On 10 May 2016, the Government of India issued a press release1 stating that India and Mauritius have signed a protocol (New Protocol) amending the double tax avoidance treaty between the two countries (the Treaty). Based on the press release and the New Protocol, following are the key changes to the Treaty:
Article 5 of the Treaty has been amended to include a paragraph on service PE with a threshold of a period/periods aggregating to more than 90 days within any 12-month period.
Interest arising to the resident banks will be subject to withholding tax at the rate of 7.5% in respect of debt claims or loans made after 31 March 2017. However, interest income of resident banks in respect of debt-claims existing on or before 31 March 2017 is exempt from tax (provided that the resident bank is carrying on a bona fide banking business).
Fee for Technical Services
A new article has been inserted in relation to fee for technical services, which provides, amongst others, that the tax so charged on fee for technical services shall not exceed 10% of the gross amount.
Capital Gains Taxation
The Treaty earlier provided for a residence-based tax regime wherein gains arising from alienation of shares of an Indian resident company were not taxable in India. As per the New Protocol, India will have the right to tax capital gains arising from alienation of shares of a company resident in India acquired by a Mauritian tax resident (and vise-versa).
The New Protocol provides for grandfathering of investments and shall be applicable to investments made on or after 1 April 2017. There will also be an interim period from 1 April 2017 to 31 March 2019, wherein the capital gains on such transactions will be taxed at a discounted rate of 50% of the applicable domestic tax rate in India, subject to fulfilment of conditions in the limitation of benefits clause.
Limitation of Benefits
A new limitation of benefits provision has been introduced, which shall be a prerequisite for such reduced rate of tax. As per the press release, the benefit of the discounted tax rate shall not be available to a resident if such person:
- is a shell/conduit company; or
- does not satisfy the main purpose test and bona fide business test.
A shell/conduit company is any legal entity falling within the definition of resident of a state with negligible or nil business operations or with no real and continuous business activities carried out in that state. Further, a resident will be deemed to be a shell/conduit company if its total expenditure on operations in the resident country is less than INR2,700,000 (USD40,500) in the immediately preceding 12 months.

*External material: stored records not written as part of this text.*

Theorem theorem3p2 (X : Type) (op : (X -> Prop) -> Prop) (B : (X -> Prop) -> Prop)
  (HX : polish op)
  (HBbase : is_base op B) (HBcount : countable_family B)
  (HBinter : forall U V, B U -> B V -> B (inter U V))
  (HBfull : B fullset) :
  ((exists phi, borel_hull_op op (meager op) phi /\ monotone_on (meager op) phi) <->
   (exists phi, borel_hull_op op (meager op) phi /\ monotone_on (meager op) phi /\
                B_regular op B phi)) /\
  ((exists phi, borel_hull_op op (meager op) phi /\ monotone_on (meager op) phi /\
                B_regular op B phi) <->
   (exists psi, borel_hull_op op (baire_property op) psi /\
                monotone_on (baire_property op) psi)).
Proof.
  destruct HBcount as [e He].
  pose proof (polish_open_local X op HX) as Hlocal.
  pose proof (polish_open_inter X op HX) as Hinter.
  pose proof (proj1 HBbase) as HBopen.
  assert (i_to_ii : forall phi, borel_hull_op op (meager op) phi ->
            monotone_on (meager op) phi ->
            exists phi', borel_hull_op op (meager op) phi' /\
              monotone_on (meager op) phi' /\ B_regular op B phi').
  { intros phi Hh Hm. exists (regularize X e phi). split; [|split].
    - apply regularize_hull with (B := B); assumption.
    - apply regularize_monotone; assumption.
    - apply regularize_B_regular; assumption. }
  split; split.
  - intros [phi [Hh Hm]]. exact (i_to_ii phi Hh Hm).
  - intros [phi [Hh [Hm _]]]. eauto.
  - intros [phi [Hh [Hm Hr]]]. exists (baire_hull X op e phi). split.
    + apply baire_hull_is_hull with (B := B); assumption.
    + apply baire_hull_monotone with (B := B); assumption.
  - intros [psi Hpsi].
    destruct (borel_hull_op_restrict X op (meager op) (baire_property op) psi
                (meager_baire_property X op Hlocal) Hpsi) as [Hh Hm].
    exact (i_to_ii psi Hh Hm).
Qed.
Definition CCR (B : algType algC) (star : B -> B) (x1 x2 x3 x4 : B) : Prop :=
  [/\ star x1 = x1, star x2 = x2, star x3 = x3 & star x4 = x4] /\
  [/\ x1 * x2 - x2 * x1 = sc B 'i, x3 * x4 - x4 * x3 = sc B 'i,
      x1 * x3 = x3 * x1, x1 * x4 = x4 * x1 & x2 * x3 = x3 * x2] /\
  x2 * x4 = x4 * x2.

Section Ops.
Variables (B : algType algC) (star : B -> B) (x1 x2 x3 x4 : B).

Definition comm (a b : B) : B := a * b - b * a.

Definition deriv (j : nat) (f : B) : B :=
  match j with
  | 1 => sc B 'i * comm x2 f
  | 2 => - (sc B 'i * comm x1 f)
  | 3 => sc B 'i * comm x4 f
  | 4 => - (sc B 'i * comm x3 f)
  | _ => 0
  end.

Definition dmx (j : nat) m n (M : 'M[B]_(m, n)) : 'M[B]_(m, n) := map_mx (deriv j) M.

Variables (n k : nat) (U : 'M[B]_(n, k)).

Definition Apot (j : nat) : 'M[B]_k := mxstar star U *m dmx j U.

Definition Fcurv (a b : nat) : 'M[B]_k :=
  dmx a (Apot b) - dmx b (Apot a) + (Apot a *m Apot b - Apot b *m Apot a).

Definition star2 (M : 'M[B]_2) : 'M[B]_2 := mxstar star M.

Definition sig1 : 'M[B]_2 := \matrix_(i, j) if i == j then 0 else 1.
Definition sig2 : 'M[B]_2 :=
  \matrix_(i, j) if i == j then 0 else if val i == 0%N then sc B (- 'i) else sc B 'i.
Definition sig3 : 'M[B]_2 :=
  \matrix_(i, j) if i == j then (if val i == 0%N then 1 else -1) else 0.

(* sigma_a xhat_a ; scalar xhat_4 means xhat_4 Id_2 *)
Definition sx (s : 'M[B]_2) (x : B) : 'M[B]_2 := s *m x%:M.
Definition cs (c : algC) (M : 'M[B]_2) : 'M[B]_2 := sc B c *: M.

Definition p0 : 'M[B]_2 :=
  cs (1/2) (sx sig1 x1) - cs (1/2) (sx sig2 x2) - cs (1/2) (sx sig3 x3)
  + cs ('i / 2) x4%:M.
Definition p1 : 'M[B]_2 :=
  cs (1 / sqrtC 2) (sx sig1 x1) - cs ('i / sqrtC 2) x4%:M.
Definition p2 : 'M[B]_2 :=
  cs (1 / sqrtC 6) (sx sig1 x1) + cs (sqrtC (2/3)) (sx sig2 x2)
  + cs ('i / sqrtC 6) x4%:M.
Definition p3 : 'M[B]_2 :=
  cs (1 / (2 * sqrtC 3)) (sx sig1 x1) - cs (1 / (2 * sqrtC 3)) (sx sig2 x2)
  + cs (sqrtC 3 / 2) (sx sig3 x3) + cs ('i / (2 * sqrtC 3)) x4%:M.

(* U (x) Id_2 etc., viewed as matrices with entries in M_2(B) *)
Definition tens m l (M : 'M[B]_(m, l)) : 'M['M[B]_2]_(m, l) := map_mx (fun b => b%:M) M.
Definition U2 : 'M['M[B]_2]_(n, k) := tens U.
Definition U2s : 'M['M[B]_2]_(k, n) := tens (mxstar star U).
Definition Q2 : 'M['M[B]_2]_n := 1%:M - U2 *m U2s.

(* p^* Q p, with p acting diagonally on the n matrix indices *)
Definition pQp (p : 'M[B]_2) : 'M['M[B]_2]_n := (star2 p)%:M *m Q2 *m p%:M.

Definition bigExpr : 'M['M[B]_2]_k :=
  U2s *m (- (pQp p0 *+ 3) + pQp p1 + pQp p2 + pQp p3) *m U2.

End Ops.

From Pilot Require Import Defs.
From HB Require Import structures.
From mathcomp Require Import all_boot all_order all_algebra all_field.
From mathcomp Require Import ring.
Import Order.TTheory GRing.Theory Num.Theory.
Set Implicit Arguments. Unset Strict Implicit. Unset Printing Implicit Defensive.
Local Open Scope ring_scope.
Local Open Scope sesquilinear_scope.

(* Since U^*U = 1, U^* d_j U = - (d_j U)^* U and the curvature becomes
   F_ab = (d_a U)^* Q (d_b U) - (d_b U)^* Q (d_a U).  Each p_i is a sum of
   c_a (x) y_a with c_a a numerical 2 x 2 matrix and y_a a coordinate; as
   U^* Q = 0 = Q U, U^* p^* Q p U = [U^*, p^*] Q [p, U], and [y_a, -] is a
   multiple of d_a.  The expression is thus sum_ab K_ab (x) (d_a U)^* Q (d_b U)
   for numerical K_ab, which turn out antisymmetric: it equals
   i s3 (x) (F12 + F34) + i s2 (x) (F13 - F24) + i s1 (x) (F14 + F23),
   and the Pauli matrices are linearly independent. *)

Section StarAlgebra.
Variables (B : algType algC) (star : B -> B).
Hypothesis Hstar : is_star star.

Lemma starD a b : star (a + b) = star a + star b. Proof. by case: Hstar. Qed.
Lemma starM a b : star (a * b) = star b * star a. Proof. by case: Hstar. Qed.
Lemma starZ c a : star (c *: a) = c^* *: star a. Proof. by case: Hstar. Qed.

Lemma star0 : star 0 = 0.
Proof. by rewrite -(scale0r 0) starZ rmorph0 !scale0r. Qed.

Lemma starN a : star (- a) = - star a.
Proof. by rewrite -scaleN1r starZ rmorphN1 scaleN1r. Qed.

Lemma starB a b : star (a - b) = star a - star b.
Proof. by rewrite starD starN. Qed.

Lemma star_sum (I : Type) (r : seq I) (P : pred I) (F : I -> B) :
  star (\sum_(i <- r | P i) F i) = \sum_(i <- r | P i) star (F i).
Proof. exact: (big_morph _ starD star0). Qed.

End StarAlgebra.

Section Commutator.
Variable B : algType algC.
Implicit Types (x y a b f : B).

Lemma commD x a b : comm x (a + b) = comm x a + comm x b.
Proof. by rewrite /comm mulrDr mulrDl opprD addrACA. Qed.

Lemma comm0 x : comm x 0 = 0.
Proof. by rewrite /comm mulr0 mul0r subrr. Qed.

Lemma commN x a : comm x (- a) = - comm x a.
Proof. by rewrite /comm mulrN mulNr opprB opprK addrC. Qed.

Lemma commZ x c a : comm x (c *: a) = c *: comm x a.
Proof. by rewrite /comm scalerBr -scalerAl -scalerAr. Qed.

Lemma commM x a b : comm x (a * b) = comm x a * b + a * comm x b.
Proof. by rewrite /comm mulrBl mulrBr !mulrA subrKA. Qed.

Lemma comm_alg x c : comm x c%:A = 0.
Proof. by rewrite /comm mulr_algl mulr_algr subrr. Qed.

Lemma comm_nat x m : comm x m%:R = 0.
Proof. by rewrite -(rmorph_nat (in_alg B)) comm_alg. Qed.

Lemma star_comm (star : B -> B) x a : is_star star -> star x = x ->
  star (comm x a) = - comm x (star a).
Proof. by move=> Hstar hx; rewrite /comm (starB Hstar) !(starM Hstar) hx opprB. Qed.

Lemma comm_swap x y f c : comm x y = c%:A -> comm x (comm y f) = comm y (comm x f).
Proof.
move=> xy; apply/eqP; rewrite -subr_eq0; apply/eqP.
have -> : comm x (comm y f) - comm y (comm x f) = comm (comm x y) f.
  rewrite /comm !mulrBr !mulrBl !mulrA !opprB !addrA.
  by rewrite [LHS](ACl ((1*8*3*6)*((2*5)*(4*7)))%AC) /= !addNr !addr0.
by rewrite xy /comm mulr_algl mulr_algr subrr.
Qed.

End Commutator.

Section Derivations.
Variables (B : algType algC) (star : B -> B) (x1 x2 x3 x4 : B).
Hypothesis Hstar : is_star star.
Hypothesis Hccr : CCR star x1 x2 x3 x4.
Local Notation partial := (Defs.deriv x1 x2 x3 x4).
Local Notation dmx := (Defs.dmx x1 x2 x3 x4).
Local Notation mxstar := (Defs.mxstar star).

Lemma partialE j f : partial j f =
  match j with
  | 1 => 'i *: comm x2 f
  | 2 => - ('i *: comm x1 f)
  | 3 => 'i *: comm x4 f
  | 4 => - ('i *: comm x3 f)
  | _ => 0
  end.
Proof. by case: j => [|[|[|[|[|j]]]]] //=; rewrite /sc mulr_algl. Qed.

Lemma partialD j a b : partial j (a + b) = partial j a + partial j b.
Proof.
by rewrite !partialE; case: j => [|[|[|[|[|j]]]]]; rewrite ?addr0 // commD scalerDr ?opprD.
Qed.

Lemma partialM j a b : partial j (a * b) = partial j a * b + a * partial j b.
Proof.
rewrite !partialE; case: j => [|[|[|[|[|j]]]]]; rewrite ?mul0r ?mulr0 ?addr0 //;
  by rewrite commM scalerDr scalerAl scalerAr ?opprD ?mulNr ?mulrN.
Qed.

Lemma partial_nat j m : partial j m%:R = 0.
Proof. by rewrite partialE; case: j => [|[|[|[|[|j]]]]]; rewrite // comm_nat scaler0 ?oppr0. Qed.

Lemma self_adjoint_x : [/\ star x1 = x1, star x2 = x2, star x3 = x3 & star x4 = x4].
Proof. by case: Hccr. Qed.

Lemma partial_star j f : star (partial j f) = partial j (star f).
Proof.
have [s1 s2 s3 s4] := self_adjoint_x.
rewrite !partialE; case: j => [|[|[|[|[|j]]]]]; rewrite ?(star0 Hstar) //;
  by rewrite ?(starN Hstar) (starZ Hstar) (star_comm _ Hstar) // conjCi scaleNr scalerN opprK.
Qed.

Lemma ccr_comm : [/\ comm x1 x2 = 'i%:A, comm x3 x4 = 'i%:A,
  comm x1 x3 = 0%:A, comm x1 x4 = 0%:A & comm x2 x3 = 0%:A] /\ comm x2 x4 = 0%:A.
Proof.
case: Hccr => _ [[c12 c34 c13 c14 c23] c24].
by rewrite /comm scale0r c12 c34 c13 c14 c23 c24 !subrr.
Qed.

Lemma partial_swap a b f : partial a (partial b f) = partial b (partial a f).
Proof.
have [[c12 c34 c13 c14 c23] c24] := ccr_comm.
rewrite !partialE; case: a => [|[|[|[|[|a]]]]]; case: b => [|[|[|[|[|b]]]]];
  rewrite ?(partialE, comm0, commZ, commN, scaler0, oppr0, scalerN, opprK) //.
all: by rewrite ?(comm_swap f c12) ?(comm_swap f c34) ?(comm_swap f c13)
  ?(comm_swap f c14) ?(comm_swap f c23) ?(comm_swap f c24).
Qed.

A resident will not be considered as a shell/conduit company if:
- it is listed on a recognized stock exchange; or
- it meets the expenditure criteria as stated above.
The protocol also provides for a source-based taxation of other income.

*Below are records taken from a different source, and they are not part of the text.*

(* Let $n\ge1$, let $\mathfrak{n}=\mathfrak{n}(n)$, $\operatorname{Der}(\mathfrak{n})_1$, $B$ and $\mathfrak{B}(B)$ be as in the context, and let $D\in\operatorname{Der}(\mathfrak{n})_1$. For $v\in\mathfrak{B}(B)$ let $\lambda_v$ denote the diagonal coefficient of the matrix of $D$ in the basis $\mathfrak{B}(B)$ corresponding to $v$ (i.e. the $v$-coordinate of $D(v)$). Then: (a) $\lambda_{e'_i}=0$ for $1\le i\le n$; (b) $\lambda_a=\lambda_b=\lambda_x$; (c) $\lambda_h=\lambda_f=3\lambda_a$; (d) $\lambda_y=\lambda_u=\lambda_c=2\lambda_a$.
   Context: Fix a field of characteristic zero and a positive integer $n$. The Lie algebra $\mathfrak{n}(n)$ has basis $e_1,\dots,e_n,a,b,x$; $u,y$; $e_i\wedge e_j$ ($1\le i<j\le n$); $c$; $x_1,\dots,x_n$; $u_1,\dots,u_n$; $y_1,\dots,y_n$; $f,h$. Its bracket is defined on basis elements by: $[e_i,e_j]=e_i\wedge e_j$ for $i<j$ (so $[e_j,e_i]=-e_i\wedge e_j$), $[e_i,x]=x_i$, $[e_i,u]=u_i$, $[e_i,y]=y_i$, $[a,b]=c$, $[a,y]=f$, $[a,c]=h$, $[b,u]=h$, $[b,y]=h$, $[x,u]=f$, $[x,y]=h$, extended by antisymmetry, and all other brackets of pairs of basis elements are zero. Let $E=\operatorname{span}\{e_1,\dots,e_n\}$ and let $W$ be the span of all the other basis vectors. Let $\operatorname{Der}(\mathfrak{n})_1$ be the set of derivations $D$ of $\mathfrak{n}$ with $D(E)\subset W$. For a basis $B=\{e'_1,\dots,e'_n\}$ of $E$, put $x'_i=[e'_i,x]$, $u'_i=[e'_i,u]$, $y'_i=[e'_i,y]$, $e'_i\wedge e'_j=[e'_i,e'_j]$, and let $\mathfrak{B}(B)$ be the ordered basis $e'_1,\dots,e'_n,a,b,x,u,y,(e'_i\wedge e'_j)_{1\le i<j\le n}$ (lexicographic order), $c,x'_1,\dots,x'_n,u'_1,\dots,u'_n,y'_1,\dots,y'_n,f,h$. *)

From mathcomp Require Import all_boot all_algebra.
Set Implicit Arguments. Unset Strict Implicit. Unset Printing Implicit Defensive.
Import GRing.Theory.
Local Open Scope ring_scope.

(* pairs i < j indexing e_i /\ e_j *)
Definition wpair (n : nat) := {p : 'I_n * 'I_n | (p.1 < p.2)%N}.

(* lbl n = e_i (i : 'I_n)
         + the 8 single vectors a,b,x,u,y,c,f,h (as 'I_8, in this order)
         + e_i/\e_j (i<j)
         + x_i,u_i,y_i (as ('I_3 * 'I_n), t = 0,1,2 for x,u,y) *)
Definition lbl (n : nat) : finType :=
  ('I_n + 'I_8 + wpair n + 'I_3 * 'I_n)%type.

Definition lE {n} (i : 'I_n) : lbl n := inl (inl (inl i)).
Definition lS {n} (k : nat) : lbl n := inl (inl (inr (inord k))).
Definition la {n} : lbl n := lS 0.
Definition lb {n} : lbl n := lS 1.
Definition lx {n} : lbl n := lS 2.
Definition lu {n} : lbl n := lS 3.
Definition ly {n} : lbl n := lS 4.
Definition lc {n} : lbl n := lS 5.
Definition lf {n} : lbl n := lS 6.
Definition lh {n} : lbl n := lS 7.
Definition lW {n} (w : wpair n) : lbl n := inl (inr w).
Definition lT {n} (t : nat) (i : 'I_n) : lbl n := inr (inord t, i).

Definition nalg (F : fieldType) (n : nat) := {ffun lbl n -> F^o}.

Definition bv {F : fieldType} {n} (l : lbl n) : nalg F n :=
  [ffun k => (k == l)%:R].

(* table of the defining brackets [p,q] = r (all coefficients are 1) *)
Definition btab {n} (p q : lbl n) : option (lbl n) :=
  match p, q with
  | inl (inl (inl i)), inl (inl (inl j)) => omap lW (insub (i, j) : option (wpair n))
  | inl (inl (inl i)), inl (inl (inr k)) =>
      if val k == 2%N then Some (lT 0 i)
      else if val k == 3%N then Some (lT 1 i)
      else if val k == 4%N then Some (lT 2 i) else None
  | inl (inl (inr k)), inl (inl (inr l)) =>
      match val k, val l with
      | 0, 1 => Some lc   (* [a,b] = c *)
      | 0, 4 => Some lf   (* [a,y] = f *)
      | 0, 5 => Some lh   (* [a,c] = h *)
      | 1, 3 => Some lh   (* [b,u] = h *)
      | 1, 4 => Some lh   (* [b,y] = h *)
      | 2, 3 => Some lf   (* [x,u] = f *)
      | 2, 4 => Some lh   (* [x,y] = h *)
      | _, _ => None
      end%N
  | _, _ => None
  end.

Definition bbr {F : fieldType} {n} (p q : lbl n) : nalg F n :=
  match btab p q with
  | Some r => bv r
  | None => match btab q p with Some r => - bv r | None => 0 end
  end.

Exchange of Information and Assistance in Collection of Taxes
The New Protocol also provides for an updated of the Treaty with respect to the following:
- exchange of Information Article as per international standard; and
- provision for assistance in collection of taxes.
New Protocol will come into force once India and Mauritius complete their domestic procedures.
Articles on permanent establishment, interest income, fee for technical services, other income and limitation of benefits shall have effect as follows:
- India - April 1 post the date on which the New Protocol comes into force.
- Mauritius - July 1 post the date on which the New Protocol comes into force.
Amendments to the capital gains article will be in effect from financial year 2017-18.
Articles on exchange of information and assistance in collection of taxes will come into effect from the date the New Protocol comes into effect.
The New Protocol marks an end to the uncertainty around the future of investments into India through Mauritius, as the talks on renegotiation of the Treaty has been going on for many years now. The intent of the Indian government to bring out these changes on a prospective basis and with certain safe harbors (for the transition period) is welcomed.
While the New Protocol is in relation to India-Mauritius structures, it will also impact India-Singapore structures. As a background, the protocol2 to the India-Singapore tax treaty provides that the exemption from capital gains tax arising to Singapore residents (from sale of shares of an Indian company) shall be applicable only till such exemption is available under the India-Mauritius tax treaty.
Two key issues arise as regards the Singapore structures:
- While the New Protocol (for India-Mauritius tax treaty) provides for a safe harbor period (investments made before April 1, 2017 can still enjoy capital gain exemptions); such a benefit may not be available under the India-Singapore tax treaty.
- Benefit of a discounted tax rate may not be available under the India-Singapore tax treaty for the period from April 1, 2017 till March 31, 2019.
Talks are already surfacing that India may be looking at renegotiating its tax treaty with Singapore to bring it on similar lines. Further, the New Protocol only addresses capital gains in relation to alienation of shares. It is not clear how capital gains arising from other financial instruments will be treated.
The Indian government has said that these amendments are designed to curb treaty abuse, tax evasion and round-tripping of funds. As per the press release, the New Protocol will help improve transparency in tax matters and will help curb tax evasion and tax avoidance. Thus, these changes seem to also be motivated by India's commitment to the OECD/G20 Base Erosion and Profit Shifting project. The comprehensiveness of the articles on exchange of information and assistance in collection of taxes also point in this direction.